- **WHAT YOU HAVE TO DO**:
Please write out, exactly as given, every line of the entries below up to and including the line with "From mathcomp Require Import all_classical".

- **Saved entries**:
**********

Inductive CNF_DNB (R : realType) (p : R) (r : nat) :
    forall (Omega : choiceType), (int -> Omega -> R) -> Prop :=
  | CNF_base : @CNF_DNB R p r int (M_DNB p r)
  | CNF_post : forall (Omega Omega' : choiceType) (M : int -> Omega -> R)
      (A : Omega -> Omega' -> R),
      @CNF_DNB R p r Omega M -> is_kernel A ->
      @CNF_DNB R p r Omega' (postproc A M)
  | CNF_mix : forall (Omega : choiceType) (M1 M2 : int -> Omega -> R) (t : R),
      @CNF_DNB R p r Omega M1 -> @CNF_DNB R p r Omega M2 -> 0 <= t <= 1 ->
      @CNF_DNB R p r Omega (fun n w => t * M1 n w + (1 - t) * M2 n w).

Definition rowcone_DNB (R : realType) (p : R) (r : nat) (x : int -> R) : Prop :=
  exists (c : R) (Omega : choiceType) (M : int -> Omega -> R) (w : Omega),
    0 <= c /\ @CNF_DNB R p r Omega M /\ (forall n, x n = c * M n w).

Definition binom_pmf (R : realType) (q : R) (r k : nat) : R :=
  ('C(r, k))%:R * q ^+ k * (1 - q) ^+ (r - k).

Definition fB (R : realType) (q : R) (r : nat) (j : int) : R :=
  \sum_(i < r.+1) \sum_(l < r.+1)
     (if (i%:Z - l%:Z)%R == j then binom_pmf q r i * binom_pmf q r l else 0).

From HB Require Import structures.
From mathcomp Require Import all_boot all_order all_algebra.
From mathcomp Require Import all_classical all_reals.
From mathcomp Require Import ereal esum.
From mathcomp Require Import ring lra zify finmap.
Set Implicit Arguments. Unset Strict Implicit. Unset Printing Implicit Defensive.
Import Order.TTheory GRing.Theory Num.Theory.
Local Open Scope ring_scope.
Local Open Scope classical_set_scope.

(* The NB(p, r) mass function has generating function ((1 - p) / (1 - p z))^r,
   so convolving it with the coefficients C(r, i) (-p)^i of (1 - p z)^r leaves
   (1 - p)^r times the unit mass at 0.  Hence the finite signed kernel
   beta(i, l) = C(r, i) (-p)^i C(r, l) (-p)^l, the coefficients of
   (1 - p z)^r (1 - p / z)^r, inverts DNB(p, r) up to the factor (1 - p)^(2r).
   Up to the positive factor (1 + p)^(-2r), the hypothesis says exactly that
   y(w) = sum beta(i, l) x(w + i - l) is nonnegative, and y is bounded since x
   is.  Post-processing the output w of DNB(p, r) by a coin showing true with
   probability y(w) / Y, where Y bounds y, gives
   P[true | n] = sum_w DNB(w - n) y(w) / Y = (1 - p)^(2r) x(n) / Y,
   so x is a nonnegative multiple of a row of this algorithm. *)


Definition multichoose (k u : nat) : nat := 'C(u + k - 1, u).

Lemma multichoose0 k : multichoose k 0 = 1%N.
Proof. by rewrite /multichoose bin0. Qed.

Lemma multichoose0S u : multichoose 0 u.+1 = 0%N.
Proof. by rewrite /multichoose addn0 subn1 bin_small. Qed.

Lemma multichooseSS k u :
  multichoose k.+1 u.+1 = (multichoose k.+1 u + multichoose k u.+1)%N.
Proof.
by rewrite /multichoose !addSn !addnS !subn1 [in LHS]/= binS addnC.
Qed.

Section AlternatingConvolution.
Variable R : pzRingType.

Definition alt_binom_conv (m k u : nat) : R :=
  \sum_(i < u.+1) (-1) ^+ i * 'C(m, i)%:R * (multichoose k (u - i))%:R.

Lemma alt_binom_convSS m k u :
  alt_binom_conv m.+1 k u.+1 = alt_binom_conv m k u.+1 - alt_binom_conv m k u.
Proof.
rewrite /alt_binom_conv big_ord_recl [in RHS]big_ord_recl /= !bin0 subn0.
under eq_bigr => i _ do rewrite /bump /= add1n subSS binS natrD exprS.
under [X in _ = _ + X - _]eq_bigr => i _ do rewrite /bump /= add1n subSS exprS.
rewrite -addrA; congr (_ + _); rewrite -sumrB; apply: eq_bigr => i _.
by rewrite !mulN1r !mulNr mulrDr mulrDl opprD addrC.
Qed.

Lemma alt_binom_conv_multichoose m k u : (m <= k)%N ->
  alt_binom_conv m k u = (multichoose (k - m) u)%:R.
Proof.
elim: m u => [|m IH] u lemk.
  rewrite /alt_binom_conv big_ord_recl /= subn0 subn0 bin0 !mul1r big1 ?addr0 //.
  by move=> i _; rewrite bin0n mulr0 mul0r.
case: u => [|u].
  by rewrite /alt_binom_conv big_ord1 /= bin0 subn0 !multichoose0 !mul1r.
rewrite alt_binom_convSS !IH ?(ltnW lemk) // -(subnSK lemk).
by rewrite multichooseSS natrD addrC addKr.
Qed.

End AlternatingConvolution.

Lemma sumr_ord_support (R : nmodType) r u (h : nat -> R) :
  (forall i, (r < i)%N -> h i = 0) ->
  \sum_(i < r.+1) (if (i <= u)%N then h i else 0) = \sum_(i < u.+1) h i.
Proof.
move=> h0.
rewrite (big_ord_widen (r + u).+1 (fun i => if (i <= u)%N then h i else 0));
  last by rewrite ltnS leq_addr.
rewrite [RHS](big_ord_widen (r + u).+1 h); last by rewrite ltnS leq_addl.
rewrite big_mkcond [RHS]big_mkcond /=; apply: eq_bigr => i _.
by rewrite !ltnS; case: (ltnP r i) => ir; case: (leqP i u) => iu //=; rewrite h0.
Qed.

Section NegativeBinomial.
Variables (R : realType) (p : R).

Definition deconv_coef (r i : nat) : R := 'C(r, i)%:R * (- p) ^+ i.

Lemma nb_deconv r u :
  \sum_(i < r.+1) (if (i <= u)%N then deconv_coef r i * nb_pmf p r (u - i) else 0)
  = (1 - p) ^+ r * (u == 0%N)%:R.
Proof.
transitivity (p ^+ u * (1 - p) ^+ r * \sum_(i < r.+1)
    (if (i <= u)%N then (-1) ^+ i * 'C(r, i)%:R * (multichoose r (u - i))%:R else 0)).
  rewrite mulr_sumr; apply: eq_bigr => i _; case: leqP => iu; last by rewrite mulr0.
  rewrite /deconv_coef /nb_pmf [in LHS]exprNn -(subnKC iu) exprD addKn.
  rewrite /multichoose; ring.
rewrite (@sumr_ord_support _ r u
  (fun i => (-1) ^+ i * 'C(r, i)%:R * (multichoose r (u - i))%:R)); last first.
  by move=> i ri; rewrite bin_small // mulr0 mul0r.
rewrite -/(alt_binom_conv R r r u) alt_binom_conv_multichoose // subnn.
by case: u => [|u]; rewrite ?multichoose0 ?multichoose0S ?mulr0 // expr0 mul1r mulr1.
Qed.

Hypothesis p01 : 0 <= p < 1.

Lemma nb_pmf_ge0 r k : 0 <= nb_pmf p r k.
Proof. by case/andP: p01 => p0 p1; rewrite /nb_pmf !mulr_ge0 ?exprn_ge0 // subr_ge0 ltW. Qed.

Let mc_series k n := \sum_(u < n) (multichoose k u)%:R * p ^+ u.

Let mc_series_ge0 k n : 0 <= mc_series k n.
Proof. by apply: sumr_ge0 => u _; rewrite mulr_ge0 ?exprn_ge0 //; case/andP: p01. Qed.

Let mc_seriesSS k n : mc_series k.+1 n.+1 = p * mc_series k.+1 n + mc_series k n.+1.
Proof.
rewrite /mc_series big_ord_recl [in X in _ = _ + X]big_ord_recl !multichoose0 expr0 mulr1.
under eq_bigr => i _ do rewrite lift0 multichooseSS natrD mulrDl.
rewrite big_split /= mulr_sumr addrCA; congr (_ + _).
by apply: eq_bigr => i _; rewrite exprS mulrCA.
Qed.

(* Partial-sum shadow of [(1 - p) (1 - p)^-(k+1) = (1 - p)^-k]. *)
Let mc_series_contract k n : (1 - p) * mc_series k.+1 n <= mc_series k n.
Proof.
case: n => [|n]; first by rewrite /mc_series !big_ord0 mulr0.
have mono : mc_series k.+1 n <= mc_series k.+1 n.+1.
  rewrite /mc_series big_ord_recr /= lerDl mulr_ge0 ?exprn_ge0 //; by case/andP: p01.
move: mono; rewrite mc_seriesSS.
have := mc_series_ge0 k.+1 n; have := mc_series_ge0 k n.+1; case/andP: p01.
move: (mc_series k.+1 n) (mc_series k n.+1) => a b; nra.
Qed.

**********

- **RESULT OF THE TASK**:
Inductive CNF_DNB (R : realType) (p : R) (r : nat) :
    forall (Omega : choiceType), (int -> Omega -> R) -> Prop :=
  | CNF_base : @CNF_DNB R p r int (M_DNB p r)
  | CNF_post : forall (Omega Omega' : choiceType) (M : int -> Omega -> R)
      (A : Omega -> Omega' -> R),
      @CNF_DNB R p r Omega M -> is_kernel A ->
      @CNF_DNB R p r Omega' (postproc A M)
  | CNF_mix : forall (Omega : choiceType) (M1 M2 : int -> Omega -> R) (t : R),
      @CNF_DNB R p r Omega M1 -> @CNF_DNB R p r Omega M2 -> 0 <= t <= 1 ->
      @CNF_DNB R p r Omega (fun n w => t * M1 n w + (1 - t) * M2 n w).

Definition rowcone_DNB (R : realType) (p : R) (r : nat) (x : int -> R) : Prop :=
  exists (c : R) (Omega : choiceType) (M : int -> Omega -> R) (w : Omega),
    0 <= c /\ @CNF_DNB R p r Omega M /\ (forall n, x n = c * M n w).

Definition binom_pmf (R : realType) (q : R) (r k : nat) : R :=
  ('C(r, k))%:R * q ^+ k * (1 - q) ^+ (r - k).

Definition fB (R : realType) (q : R) (r : nat) (j : int) : R :=
  \sum_(i < r.+1) \sum_(l < r.+1)
     (if (i%:Z - l%:Z)%R == j then binom_pmf q r i * binom_pmf q r l else 0).

From HB Require Import structures.
From mathcomp Require Import all_boot all_order all_algebra.
From mathcomp Require Import all_classical all_reals.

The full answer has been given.